*** Opening DATA SUPPLIED ***
Lemma card_residue_class_ge n k j : j < k -> n %/ k <= #|residue_class n k j|.
Proof.
move=> jk; have k0 : 0 < k by lia.
have lt_n (t : 'I_(n %/ k)) : t * k + j < n.
  by have := ltn_ord t; have := leq_divM n k; nia.
pose f t := Ordinal (lt_n t).
have f_inj : injective f.
  move=> t1 t2 /(congr1 val) /= /eqP; rewrite eqn_add2r eqn_pmul2r // => /eqP.
  exact: val_inj.
rewrite -[n %/ k]card_ord -(card_imset _ f_inj); apply: subset_leq_card.
by apply/fintype.subsetP=> _ /imsetP[t _ ->]; rewrite inE /= modnMDl modn_small.
Qed.

Lemma card_setC_residue_class_le n k j :
  j < k -> #|~: residue_class n k j| <= ceil_div (k.-1 * n) k.
Proof.
move=> jk; have k0 : 0 < k by lia.
have := card_residue_class_ge n jk; have := cardsC (residue_class n k j).
rewrite card_ord /ceil_div leq_divRL //.
have := divn_eq n k; have := ltn_pmod n k0; nia.
Qed.

Section Blocks.
Variable T : finType.
Implicit Types (F : {set {set T}}) (I x y : {set T}).

Definition determined_outside F I x :=
  [forall y in F, (y :\: I == x :\: I) ==> (y == x)].

Lemma card_determined_outside_le F I :
  #|[set x in F | determined_outside F I x]| <= 2 ^ #|~: I|.
Proof.
have inj : {in [set x in F | determined_outside F I x] &, injective (fun x => x :\: I)}.
  move=> x1 x2; rewrite !inE => /andP[_ /forallP det1] /andP[x2F _] eq12.
  by have := det1 x2; rewrite x2F eq12 eqxx => /eqP.
rewrite -(card_in_imset inj) -card_powerset; apply: subset_leq_card.
by apply/fintype.subsetP=> _ /imsetP[x _ ->]; rewrite inE finset.setDE subsetIr.
Qed.

Lemma agree_outside (i : T) I x y : y :\: I = x :\: I -> i \notin I -> (i \in y) = (i \in x).
Proof. by move/finset.setP/(_ i); rewrite !inE => e /negPf iI; rewrite iI in e. Qed.

Lemma agree_outside_inj k (I : 'I_k -> {set T}) x (y : 'I_k -> {set T}) :
  (forall i, #|[set j | i \in I j]| <= 1) ->
  (forall j, y j != x) -> (forall j, y j :\: I j = x :\: I j) -> injective y.
Proof.
move=> block1 yx yI j1 j2 y12.
have [i] : exists i, (i \in y j1) != (i \in x).
  apply/existsP; apply: contraR (yx j1) => /existsPn same.
  by apply/eqP/finset.setP=> i; apply/eqP/negbNE.
have inI j : (i \in y j) != (i \in x) -> i \in I j.
  by apply: contraNT => iI; rewrite (agree_outside (yI j) iI).
move=> diff1; have diff2 : (i \in y j2) != (i \in x) by rewrite -y12.
by apply: (card_le1_eqP (block1 i)); rewrite inE inI.
Qed.

End Blocks.

Lemma focal_of_agree_outside n k (I : 'I_k -> {set 'I_n}) x (y : 'I_k -> {set 'I_n}) :
  (forall i, #|[set j | i \in I j]| <= 1) ->
  (forall j, y j != x) -> (forall j, y j :\: I j = x :\: I j) ->
  focal k.+1 x [set y j | j : 'I_k].
Proof.
move=> block1 yx yI; have y_inj := agree_outside_inj block1 yx yI.
rewrite /focal card_imset // card_ord eqxx andbT; apply/andP; split.
  by apply/imsetP=> -[j _ xy]; move: (yx j); rewrite -xy eqxx.
apply/forallP=> i; rewrite -[k.+1.-2]/(k.-1).
have agree : [set y j | j in ~: [set j | i \in I j]]
    \subset [set B in [set y j | j : 'I_k] | (i \in B) == (i \in x)].
  apply/fintype.subsetP=> _ /imsetP[j jI ->]; rewrite inE imset_f //=.
  by rewrite (agree_outside (yI j)) //; rewrite !inE in jI.
apply: leq_trans (subset_leq_card agree); rewrite card_imset //.
have := cardsC [set j | i \in I j]; have := block1 i; rewrite card_ord.
by set m := #|[set j | i \in I j]|; lia.
Qed.

Lemma card_le_of_not_has_focal n k (I : 'I_k -> {set 'I_n}) (F : {set {set 'I_n}}) :
  (forall i, #|[set j | i \in I j]| <= 1) -> ~~ has_focal k.+1 F ->
  #|F| <= \sum_j 2 ^ #|~: I j|.
Proof.
move=> block1 noF.
have cover : F \subset \bigcup_j [set x in F | determined_outside F (I j) x].
  apply/fintype.subsetP=> x xF; apply: contraR noF => /bigcupP not_det.
  have witness j : exists y, [&& y \in F, y != x & y :\: I j == x :\: I j].
    have /forallPn[y] : ~~ determined_outside F (I j) x.
      by apply/negP=> det; apply: not_det; exists j; rewrite ?inE ?xF.
    rewrite !negb_imply => /andP[yF /andP[yI yx]].
    by exists y; rewrite yF yx yI.
  have [y yP] := fin_all_exists witness.
  have yx j : y j != x by case/and3P: (yP j).
  have yI j : y j :\: I j = x :\: I j by case/and3P: (yP j) => _ _ /eqP.
  apply/existsP; exists x; apply/existsP; exists [set y j | j : 'I_k].
  rewrite xF (focal_of_agree_outside block1 yx yI) andbT.
  by apply/fintype.subsetP=> _ /imsetP[j _ ->]; case/and3P: (yP j).
apply: leq_trans (subset_leq_card cover) _; apply: leq_trans (leq_card_bigcup _) _.
by apply: leq_sum => j _; apply: card_determined_outside_le.
Qed.

Lemma g_ff_le r n : 1 < r -> g_ff r n <= r.-1 * 2 ^ ceil_div (r.-2 * n) r.-1.
Proof.
case: r => // k /ltnSE k0 /=; apply/bigmax_leqP => F noF.
pose I (j : 'I_k) := residue_class n k j.
have block1 i : #|[set j | i \in I j]| <= 1.
  apply/card_le1_eqP=> j1 j2; rewrite !inE => /eqP e1 /eqP e2.
  by apply: val_inj; rewrite /= -e1 -e2.
apply: leq_trans (card_le_of_not_has_focal block1 noF) _.
rewrite -[k in k * _]card_ord -sum_nat_const; apply: leq_sum => j _.
exact/leq_pexp2l/card_setC_residue_class_le.
Qed.

Lemma double_count (I J : finType) (P : I -> J -> bool) :
  \sum_i #|[set j | P i j]| = \sum_j #|[set i | P i j]|.
Proof.
have card_sum (K : finType) (Q : pred K) : #|[set k | Q k]| = \sum_k Q k.
  by rewrite -sum1_card big_mkcond; apply: eq_bigr => k _; rewrite inE.
under eq_bigr do rewrite card_sum; rewrite exchange_big.
by under [RHS]eq_bigr do rewrite card_sum.
Qed.

Lemma exists_leq_of_sum_leq (I : finType) (f g : I -> nat) :
  0 < #|I| -> \sum_i f i <= \sum_i g i -> exists i, f i <= g i.
Proof.
move=> I0 fg; apply/existsP; apply: contraTT fg => /existsPn gf.
rewrite -ltnNge; apply: leq_trans (_ : \sum_i (g i + 1) <= _).
  by rewrite big_split /= sum1_card -addn1 leq_add2l.
by apply: leq_sum => i _; rewrite addn1 ltnNge gf.
Qed.

Lemma exists_avoiding_subset (T : finType) (Bad : {set {set T}}) (Z : {set T}) :
  (forall H, H \in Bad -> 0 < #|H|) ->
  exists F : {set T}, (forall H, H \in Bad -> ~~ (H \subset F)) /\
    #|Z| <= #|F| + #|[set H in Bad | H \subset Z]|.
Proof.
move=> nonempty; set BZ := [set H in Bad | H \subset Z].
pose pk (H : {set T}) := [pick y in H].
pose R := [set x in pmap pk (enum BZ)].
exists (Z :\: R); split=> [H HB|]; last first.
  have cardR : #|R| <= #|BZ|.
    by rewrite cardsE (leq_trans (card_size _)) // size_pmap cardE count_size.
  by rewrite cardsD; have := subset_leq_card (subsetIr Z R); lia.
apply/negP=> HZR; have /card_gt0P[y yH] := nonempty H HB.
have [z zH pkH] : exists2 z, z \in H & pk H = Some z.
  by rewrite /pk; case: pickP => [z zH|/(_ y)]; [exists z | rewrite yH].
have zR : z \in R.
  rewrite inE mem_pmap; apply/mapP; exists H => //.
  by rewrite mem_enum inE HB (fintype.subset_trans HZR) ?subsetDl.
by have := fintype.subsetP HZR z zH; rewrite inE zR.
Qed.

Section RandomColoring.
Variables (T : finType) (p : nat).
Implicit Types (c : {ffun T -> 'I_p.+1}) (H : {set T}).

Definition zero_set c := [set x | c x == ord0].

Lemma card_colorings_zero_on H :
  #|[set c | H \subset zero_set c]| = p.+1 ^ (#|T| - #|H|).
Proof.
have -> : #|[set c : {ffun T -> 'I_p.+1} | H \subset zero_set c]|
    = #|family (fun x : T => if x \in H then pred1 (@ord0 p) else predT)|.
  apply: eq_card => c; rewrite !inE /zero_set; apply/fintype.subsetP/familyP => Hc x.
    by case: ifP => // /Hc; rewrite inE.
  by move=> xH; have := Hc x; rewrite xH inE.
rewrite card_family foldrE big_map big_enum /=.
rewrite (eq_bigr (fun x => if x \in ~: H then p.+1 else 1)) => [|x _].
  by rewrite -big_mkcond prod_nat_const -(cardsC H) addKn.
by rewrite inE; case: (x \in H); rewrite ?card1 // cardT size_enum_ord.
Qed.

Lemma sum_card_zero_set :
  p.+1 * \sum_(c : {ffun T -> 'I_p.+1}) #|zero_set c| = #|T| * p.+1 ^ #|T|.
Proof.
rewrite (double_count (fun c x => c x == ord0)) big_distrr /= -sum_nat_const.
apply: eq_bigr => x _.
have -> : #|[set c : {ffun T -> 'I_p.+1} | c x == ord0]| = p.+1 ^ #|T|.-1.
  rewrite -subn1 -(cards1 x) -card_colorings_zero_on; apply: eq_card => c.
  by rewrite !inE finset.sub1set inE.
by rewrite -expnS prednK //; apply/card_gt0P; exists x.
Qed.

Variables (Bad : {set {set T}}) (r : nat).
Hypothesis bad_large : forall H, H \in Bad -> r <= #|H|.

Definition bad_in c := [set H in Bad | H \subset zero_set c].

Lemma sum_card_bad_in :
  p.+1 ^ r * \sum_(c : {ffun T -> 'I_p.+1}) #|bad_in c| <= p.+1 ^ #|T| * #|Bad|.
Proof.
rewrite (double_count (fun c H => (H \in Bad) && (H \subset zero_set c))).
rewrite big_distrr /= mulnC -sum_nat_const [X in _ <= X]big_mkcond /=.
apply: leq_sum => H _; case: ifP => HB; last first.
  by rewrite eq_card0 ?muln0 // => c; rewrite !inE.
rewrite (eq_card (B := [set c | H \subset zero_set c])) => [|c]; last by rewrite !inE.
rewrite card_colorings_zero_on -expnD leq_pexp2l //.
have := bad_large HB; have := max_card H; set N := #|T|; lia.
Qed.

Lemma exists_coloring_few_bad : 0 < r -> exists c : {ffun T -> 'I_p.+1},
  p.+1 ^ r.-1 * #|T| + p.+1 ^ r * #|bad_in c| <= p.+1 ^ r * #|zero_set c| + #|Bad|.
Proof.
move=> r0; apply: exists_leq_of_sum_leq; first by rewrite card_ffun card_ord expn_gt0.
rewrite !big_split /= -!big_distrr /= !sum_nat_const card_ffun card_ord.
have qr : p.+1 ^ r = p.+1 ^ r.-1 * p.+1 by rewrite -expnSr prednK.
rewrite [in X in _ <= X]qr -mulnA sum_card_zero_set.
by rewrite (mulnC #|T|) leq_add2l; apply: sum_card_bad_in.
Qed.

End RandomColoring.

Lemma alteration (T : finType) (Bad : {set {set T}}) r p :
  0 < r -> (forall H, H \in Bad -> r <= #|H|) ->
  2 * #|Bad| <= p.+1 ^ r.-1 * #|T| ->
  exists F : {set T}, (forall H, H \in Bad -> ~~ (H \subset F)) /\ #|T| <= 2 * p.+1 * #|F|.
Proof.
move=> r0 bad_large few_bad.
have [c c_good] := exists_coloring_few_bad p bad_large r0.
have nonempty H : H \in Bad -> 0 < #|H| by move/bad_large; apply: leq_trans.
have [F [F_avoids cardF]] := exists_avoiding_subset (zero_set c) nonempty.
exists F; split=> //.
have a0 : 0 < p.+1 ^ r.-1 by rewrite expn_gt0.
have q_r : p.+1 ^ r = p.+1 * p.+1 ^ r.-1 by rewrite -expnS prednK.
have F_large : p.+1 ^ r * #|zero_set c| <= p.+1 ^ r * (#|F| + #|bad_in Bad c|).
  by rewrite leq_mul2l cardF orbT.
rewrite -(leq_pmul2l a0) (_ : _ * (2 * _ * _) = 2 * (p.+1 ^ r * #|F|)); last first.
  by rewrite q_r; lia.
by rewrite mulnDr in F_large; lia.
Qed.

Lemma enum_bij (T : finType) (S : {set T}) k : #|S| = k ->
  exists e : 'I_k -> T, injective e /\ S = [set e j | j : 'I_k].
Proof.
move=> <-; exists (@enum_val T (mem S)); split; first exact: enum_val_inj.
apply/finset.setP => x; apply/idP/imsetP => [xS|[j _ ->]]; last exact: enum_valP.
by exists (enum_rank_in xS x); rewrite ?enum_rankK_in.
Qed.

Section Codes.
Variables n k : nat.
Implicit Type c : {ffun 'I_n -> bool * option 'I_k}.

(* A code records, for each coordinate i, a default bit (c i).1 and at most one
   member (c i).2 whose entry at i is the complement of that default. *)

Definition code_member c (j : 'I_k) : {set 'I_n} :=
  [set i | (c i).1 (+) ((c i).2 == Some j)].

Definition code_members c := [set code_member c j | j : 'I_k].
*** Closing DATA SUPPLIED ***
- _EXERCISE INSTRUCTIONS_: Which of the lines in the data contain the string "existsP"? Return each one.

- _RESPONSE AREA_:
  apply/existsP; apply: contraR (yx j1) => /existsPn same.
  apply/existsP; exists x; apply/existsP; exists [set y j | j : 'I_k].
move=> I0 fg; apply/existsP; apply: contraTT fg => /existsPn gf.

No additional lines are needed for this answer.